(* Let $\mathscr F$ be a class of functions $\Omega\to[0,1]$, $\varepsilon>0$ and $d\in\mathbb N$. The following are equivalent: (1) $\mathrm{fat}_\varepsilon(\mathscr F\,\mathrm{mod}\,\omega_1)\le d$; (2) for every countable subclass $\mathscr F'\subseteq\mathscr F$ there is a countable set $N\subseteq\Omega$ (depending on $\mathscr F'$) such that $\mathrm{fat}_\varepsilon(\mathscr F'\restriction(\Omega\setminus N))\le d$.
   Context: A finite $A\subseteq X$ is $\varepsilon$-fat shattered by $\mathscr F$ if there is $h:A\to[0,1]$ such that for every $B\subseteq A$ some $f_B\in\mathscr F$ has $f_B(a)>h(a)+\varepsilon$ for $a\in B$ and $f_B(a)<h(a)-\varepsilon$ for $a\in A\setminus B$; $\mathrm{fat}_\varepsilon(\mathscr F\restriction X)$ is the supremum of sizes of such $A\subseteq X$. $\mathrm{fat}_\varepsilon(\mathscr F\,\mathrm{mod}\,\omega_1)$ is the supremum of $n$ for which there exist uncountable $A_1,\dots,A_n\subseteq\Omega$ and $h:\{1,\dots,n\}\to[0,1]$ such that for every $J\subseteq\{1,\dots,n\}$ there is $f_J\in\mathscr F$ with $f_J(x)>h(i)+\varepsilon$ whenever $i\in J$, $x\in A_i$, and $f_J(x)<h(i)-\varepsilon$ whenever $i\notin J$, $x\in A_i$. *)

From Stdlib Require Import Reals List.
Open Scope R_scope.
(* Let $n\in\mathbb{N}$ and $a\in\mathbb{R}$ with $|a|\ge2$. Let $G_n(a,1)$ be the $(n+2)\times n$ matrix whose $(i,j)$ entry is $1$ if $i=j$, $a$ if $i=j+1$, $1$ if $i=j+2$, and $0$ otherwise. For $1\le i<j\le n+2$, let $G_n(a,1)^{i,j}$ be the $n\times n$ matrix obtained by deleting the $i$-th and $j$-th rows of $G_n(a,1)$. Then $G_n(a,1)^{i,j}$ is invertible; that is, all order-$n$ minors of $G_n(a,1)$ are nonzero. *)

From mathcomp Require Import all_boot all_order all_algebra.
From mathcomp Require Import reals.
Set Implicit Arguments. Unset Strict Implicit. Unset Printing Implicit Defensive.
Import Order.TTheory GRing.Theory Num.Theory.
Local Open Scope ring_scope.

Definition Gmat (R : nzRingType) (n : nat) (a : R) : 'M[R]_(n.+2, n) :=
  \matrix_(r < n.+2, c < n)
    (if (r == c :> nat) then 1
     else if (r == c.+1 :> nat) then a
     else if (r == c.+2 :> nat) then 1 else 0).

(* Increasing enumeration of the rows of 'I_(n.+2) other than i and j
   (for i < j): the k-th remaining row. *)
Definition skip2 (n : nat) (i j : 'I_n.+2) (k : 'I_n) : 'I_n.+2 :=
  @inord n.+1 (if (k < i)%N then (k : nat) else if (k.+1 < j)%N then k.+1 else k.+2).

Definition del2rows (R : nzRingType) (n : nat) (i j : 'I_n.+2)
  (M : 'M[R]_(n.+2, n)) : 'M[R]_n := rowsub (skip2 i j) M.

From mathcomp Require Import all_boot all_order all_algebra zify lra.
From mathcomp Require Import reals.
Import Order.TTheory GRing.Theory Num.Theory.
Set Implicit Arguments. Unset Strict Implicit. Unset Printing Implicit Defensive.
Local Open Scope ring_scope.

(* A vector x with G^{i,j} x = 0, padded with two zeros on either side, is a
   sequence y with y_r + a y_{r+1} + y_{r+2} = 0 at every row r other than i
   and j. The two zeros at each end force y to vanish up to i+1 and from j+1
   on. In between, y starts from y_{i+1} = 0 and, as |a| >= 2,
   |y_{m+2}| >= |a| |y_{m+1}| - |y_m| >= |y_{m+1}|; so |y| is nondecreasing
   there and y_{j+1} = 0 makes it vanish too. *)

Definition recurrent_at (R : pzRingType) (a : R) (y : nat -> R) (r : nat) : Prop :=
  y r + a * y r.+1 + y r.+2 = 0.

Lemma recurrent_vanish (R : pzRingType) (a : R) (z : nat -> R) (N : nat) :
  z 0%N = 0 -> z 1%N = 0 -> (forall m, (m < N)%N -> recurrent_at a z m) ->
  forall m, (m <= N.+1)%N -> z m = 0.
Proof.
move=> z0 z1 rec.
suff zz m : (m <= N)%N -> z m = 0 /\ z m.+1 = 0.
  by case=> [|m] hm; [exact: (zz 0%N _).1 | exact: (zz m hm).2].
elim: m => [//|m IH] hm; have [zm zm1] := IH (ltnW hm); split=> //.
by have := rec m hm; rewrite /recurrent_at zm zm1 mulr0 !add0r.
Qed.

Lemma recurrent_at_rev (R : pzRingType) (a : R) (y : nat -> R) (K m : nat) :
  (m.+2 <= K)%N ->
  recurrent_at a (fun k => y (K - k)%N) m <-> recurrent_at a y (K - m.+2).
Proof.
move=> hm; rewrite /recurrent_at.
have -> : (K - m.+1 = (K - m.+2).+1)%N by lia.
have -> : (K - m = (K - m.+2).+2)%N by lia.
by rewrite addrC [y _ + _]addrC addrA.
Qed.

Lemma recurrent_norm_le (R : realDomainType) (a : R) (z : nat -> R) (N : nat) :
  2 <= `|a| -> z 0%N = 0 -> (forall m, (m < N)%N -> recurrent_at a z m) ->
  forall m, (m <= N)%N -> `|z m| <= `|z m.+1|.
Proof.
move=> ha z0 rec; elim=> [_|m IH hm]; first by rewrite z0 normr0.
have zSS : a * z m.+1 + z m = - z m.+2.
  by apply/eqP; rewrite -addr_eq0 [a * _ + _]addrC; apply/eqP/rec.
have := lerB_normD (a * z m.+1) (z m); rewrite zSS normrN normrM.
have : 2 * `|z m.+1| <= `|a| * `|z m.+1| by apply: ler_wpM2r.
have := IH (ltnW hm); lra.
Qed.

Lemma recurrent_vanish_ends (R : realDomainType) (a : R) (z : nat -> R) (N : nat) :
  2 <= `|a| -> z 0%N = 0 -> z N.+1 = 0 ->
  (forall m, (m < N)%N -> recurrent_at a z m) ->
  forall m, (m <= N.+1)%N -> z m = 0.
Proof.
move=> ha z0 zN rec.
suff le_last d : (d <= N.+1)%N -> `|z (N.+1 - d)%N| <= `|z N.+1|.
  move=> m hm; apply/eqP; rewrite -normr_le0.
  by have := le_last (N.+1 - m)%N; rewrite subKn // zN normr0; apply; rewrite leq_subr.
elim: d => [|d IH] hd; first by rewrite subn0.
apply: le_trans _ (IH (ltnW hd)).
have -> : (N.+1 - d = (N.+1 - d.+1).+1)%N by lia.
by apply: (recurrent_norm_le ha z0 rec); lia.
Qed.

Lemma recurrent_except2_vanish (R : realDomainType) (a : R) (n i j : nat) (y : nat -> R) :
  2 <= `|a| -> (i < j)%N -> (j < n.+2)%N ->
  y 0%N = 0 -> y 1%N = 0 -> y n.+2 = 0 -> y n.+3 = 0 ->
  (forall r, (r < n.+2)%N -> r != i -> r != j -> recurrent_at a y r) ->
  forall k, (k <= n.+3)%N -> y k = 0.
Proof.
move=> ha lt_ij lt_jn y0 y1 yn2 yn3 rec.
have head k : (k <= i.+1)%N -> y k = 0.
  by apply: recurrent_vanish => // m hm; apply: rec; lia.
have tail k : (j.+1 <= k <= n.+3)%N -> y k = 0.
  move=> hk; have -> : k = (n.+3 - (n.+3 - k))%N by lia.
  apply: (@recurrent_vanish _ a (fun m => y (n.+3 - m)%N) (n.+1 - j)); last lia.
  - by rewrite subn0.
  - by rewrite subn1.
  - by move=> m hm; apply/recurrent_at_rev; [lia | apply: rec; lia].
have middle k : (i.+1 <= k <= j.+1)%N -> y k = 0.
  move=> hk; have -> : k = (i.+1 + (k - i.+1))%N by lia.
  apply: (@recurrent_vanish_ends _ a (fun m => y (i.+1 + m)%N) (j - i).-1 ha); last lia.
  - by rewrite addn0 head.
  - by rewrite tail //; lia.
  - by move=> m hm; rewrite /recurrent_at !addnS; apply: rec; lia.
move=> k hk; case: (leqP k i.+1) => [|lt_ik]; first exact: head.
by case: (leqP k j.+1) => [le_kj|lt_jk]; [apply: middle | apply: tail]; lia.
Qed.

Definition pad2 (R : nmodType) (n : nat) (x : 'cV[R]_n) (k : nat) : R :=
  \sum_(c < n | k == c.+2) x c 0.

Lemma pad2_ord (R : nmodType) (n : nat) (x : 'cV[R]_n) (c : 'I_n) : pad2 x c.+2 = x c 0.
Proof. by rewrite /pad2 (eq_bigl (pred1 c)) ?big_pred1_eq // => c'; rewrite /= eqSS eq_sym. Qed.

Lemma pad2_out (R : nmodType) (n : nat) (x : 'cV[R]_n) (k : nat) :
  (k < 2)%N || (n.+2 <= k)%N -> pad2 x k = 0.
Proof. by move=> hk; apply: big1 => c /eqP kc; move: hk; rewrite kc; have := ltn_ord c; lia. Qed.

Lemma Gmat_mulmxE (R : nzRingType) (n : nat) (a : R) (x : 'cV[R]_n) (r : 'I_n.+2) :
  (Gmat n a *m x) r 0 = pad2 x r + a * pad2 x r.+1 + pad2 x r.+2.
Proof.
rewrite mxE /pad2 mulr_sumr !(big_mkcond (fun c : 'I_n => _ == c.+2)) -!big_split.
apply: eq_bigr => c _; rewrite mxE !eqSS /=.
do 3 case: eqP => ? /=; try lia.
all: by rewrite ?mul1r ?mul0r ?add0r ?addr0.
Qed.

Lemma skip2_onto (n : nat) (i j : 'I_n.+2) (r : nat) :
  (i < j)%N -> (r < n.+2)%N -> r != i -> r != j ->
  exists k : 'I_n, skip2 i j k = r :> nat.
Proof.
move=> lt_ij lt_rn /eqP ne_ri /eqP ne_rj.
have [k lt_kn skip_k] : exists2 k, (k < n)%N &
    (if (k < i)%N then k else if (k.+1 < j)%N then k.+1 else k.+2) = r.
  have lt_jn := ltn_ord j.
  case: (ltnP r i) => [lt_ri|le_ir]; first by exists r; rewrite ?lt_ri //; lia.
  case: (ltnP r j) => [lt_rj|le_jr].
    by exists r.-1; [lia | rewrite ifF ?ifT; lia].
  by exists r.-2; [lia | rewrite !ifF; lia].
by exists (Ordinal lt_kn); rewrite /skip2 /= skip_k inordK.
Qed.

Lemma inj_unitmx (F : fieldType) (n : nat) (A : 'M[F]_n) :
  (forall x : 'cV_n, A *m x = 0 -> x = 0) -> A \in unitmx.
Proof.
move=> Ainj; rewrite -unitmx_tr -row_free_unit; apply: inj_row_free => v vA0.
have /Ainj vT0 : A *m v^T = 0 by rewrite -[A]trmxK -trmx_mul vA0 trmx0.
by rewrite -[v]trmxK vT0 trmx0.
Qed.

Theorem proposition4p4 (R : realType) (n : nat) (a : R) (ha : 2 <= `|a|)
  (i j : 'I_n.+2) (hij : (i < j)%N) :
  del2rows i j (Gmat n a) \in unitmx.
Proof.
apply: inj_unitmx => x Gx0.
have rec r : (r < n.+2)%N -> r != i -> r != j -> recurrent_at a (pad2 x) r.
  move=> lt_rn ne_ri ne_rj; have [k <-] := skip2_onto hij lt_rn ne_ri ne_rj.
  have := congr1 (fun M : 'cV_n => M k 0) Gx0.
  by rewrite /del2rows mul_rowsub_mx mxE Gmat_mulmxE mxE.
have pad2_eq0 k : (k <= n.+3)%N -> pad2 x k = 0.
  by apply: (recurrent_except2_vanish ha hij (ltn_ord j)) => //; apply: pad2_out; lia.
by apply/colP => c; rewrite mxE -pad2_ord pad2_eq0 //; have := ltn_ord c; lia.
Qed.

Task to complete ▸
Go through the listing above, and whenever a line holds the word "exact", copy it.

Result ▸
  by case=> [|m] hm; [exact: (zz 0%N _).1 | exact: (zz m hm).2].
move=> k hk; case: (leqP k i.+1) => [|lt_ik]; first exact: head.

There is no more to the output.